● GOAL OF THE EXERCISE
Extract all lines from the data beneath that include the word "dYxE".

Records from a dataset
== == ==

Lemma qf_lie_conformal_null Y (g K : 'rV[R]_N -> 'M[R]_N) (Omega : 'rV[R]_N -> R)
    (c M2 : R) p v :
  (forall l i j, derivable (fun q => g q i j) p (ebasis l)) ->
  (forall l i j, derivable (fun q => K q i j) p (ebasis l)) ->
  (forall mu nu, lie_deriv Y (fun q => g q - c *: K q) p mu nu
                 = 2 * Omega p * (g p + M2 *: K p) mu nu) ->
  qf (g p) v + M2 * qf (K p) v = 0 ->
  qf (lie_mx Y g p) v = c * qf (lie_mx Y K p) v.
Proof.
move=> dg dK conformal null.
have : lie_mx Y (fun q => g q - c *: K q) p = (2 * Omega p) *: (g p + M2 *: K p).
  by apply/matrixP => mu nu; rewrite mxE [RHS]mxE conformal.
rewrite lie_mxBZ // => /(congr1 (qf^~ v)).
rewrite -scaleNr !(qfD, qfZ) null mulr0 mulNr => /eqP.
by rewrite addr_eq0 opprK => /eqP.
Qed.

End LieDerivative.

Section NoetherCharge.
Context {R : realType} {N : nat}.
Variables (b m : R) (g K : 'rV[R]_N -> 'M[R]_N) (Y : 'rV[R]_N -> 'rV[R]_N).

Definition noether_charge (x v : 'rV[R]_N) (n : R) : R :=
  \sum_mu Y x 0 mu * momentum b m g K x v n mu.

Lemma is_derive_noether_charge (U : set 'rV[R]_N) (x : R -> 'rV[R]_N) (n : R -> R) t :
  let p := x t in let v := derive1 x t in
  open U -> U p -> n t != 0 -> 0 < qf (K p) v -> 0 < - qf (g p) v ->
  derivable x t 1 ->
  (forall mu, derivable (fun s => momentum b m g K (x s) (derive1 x s) (n s) mu) t 1 /\
     derive1 (fun s => momentum b m g K (x s) (derive1 x s) (n s) mu) t
     = dLdx b m g K p v (n t) mu) ->
  (forall l i j, derivable (fun q => g q i j) p (ebasis l)) ->
  (forall l i j, derivable (fun q => K q i j) p (ebasis l)) ->
  (forall l q, U q -> forall i, derivable (fun q => Y q 0 l) q (ebasis i)) ->
  (forall l i, {for p, continuous ('D_(ebasis i) (fun q => Y q 0 l))}) ->
  is_derive t 1 (fun s => noether_charge (x s) (derive1 x s) (n s))
    (finsler_term b (n t) (qf (K p) v) (- qf (g p) v) *
      (b * qf (lie_mx Y K p) v / qf (K p) v
       + (1 - b) * - qf (lie_mx Y g p) v / - qf (g p) v)).
Proof.
move=> p v oU Up n0 K0 G0 dx EL dg dK dY cY.
pose P mu s := momentum b m g K (x s) (derive1 x s) (n s) mu.
have dterm mu : is_derive t 1 (fun s => Y (x s) 0 mu * P mu s)
    (Y p 0 mu * dLdx b m g K p v (n t) mu + P mu t * pd_along Y p v mu).
  have [dYx dYxE] := chain_rule_curve oU Up (dY mu) (cY mu) dx.
  have [dP dPE] := EL mu.
  have hY : is_derive t 1 (fun s => Y (x s) 0 mu) (pd_along Y p v mu).
    by rewrite /pd_along -dYxE derive1E; exact: derivableP.
  have hP : is_derive t 1 (P mu) (dLdx b m g K p v (n t) mu).
    by rewrite -dPE derive1E; exact: derivableP.
  by apply: is_derive_eq.
have -> : (fun s => noether_charge (x s) (derive1 x s) (n s))
    = \sum_mu (fun s => Y (x s) 0 mu * P mu s).
  by apply/funext => s; rewrite fct_sumE.
apply: (is_derive_eq (is_derive_sum dterm)).
set F := finsler_term _ _ _ _; set Kq := qf (K p) v; set Gq := - qf (g p) v.
rewrite !qf_lie_mx -sumrN !mulr_sumr !mulr_suml -big_split /= mulr_sumr.
apply: eq_bigr => mu _; rewrite /P momentumE // dLdxE // -/p -/v -/F -/Kq -/Gq.
ring.
Qed.

End NoetherCharge.

Unset Implicit Arguments. Set Strict Implicit. Set Printing Implicit Defensive.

== == ==

● ANSWER BOX
  have [dYx dYxE] := chain_rule_curve oU Up (dY mu) (cY mu) dx.
    by rewrite /pd_along -dYxE derive1E; exact: derivableP.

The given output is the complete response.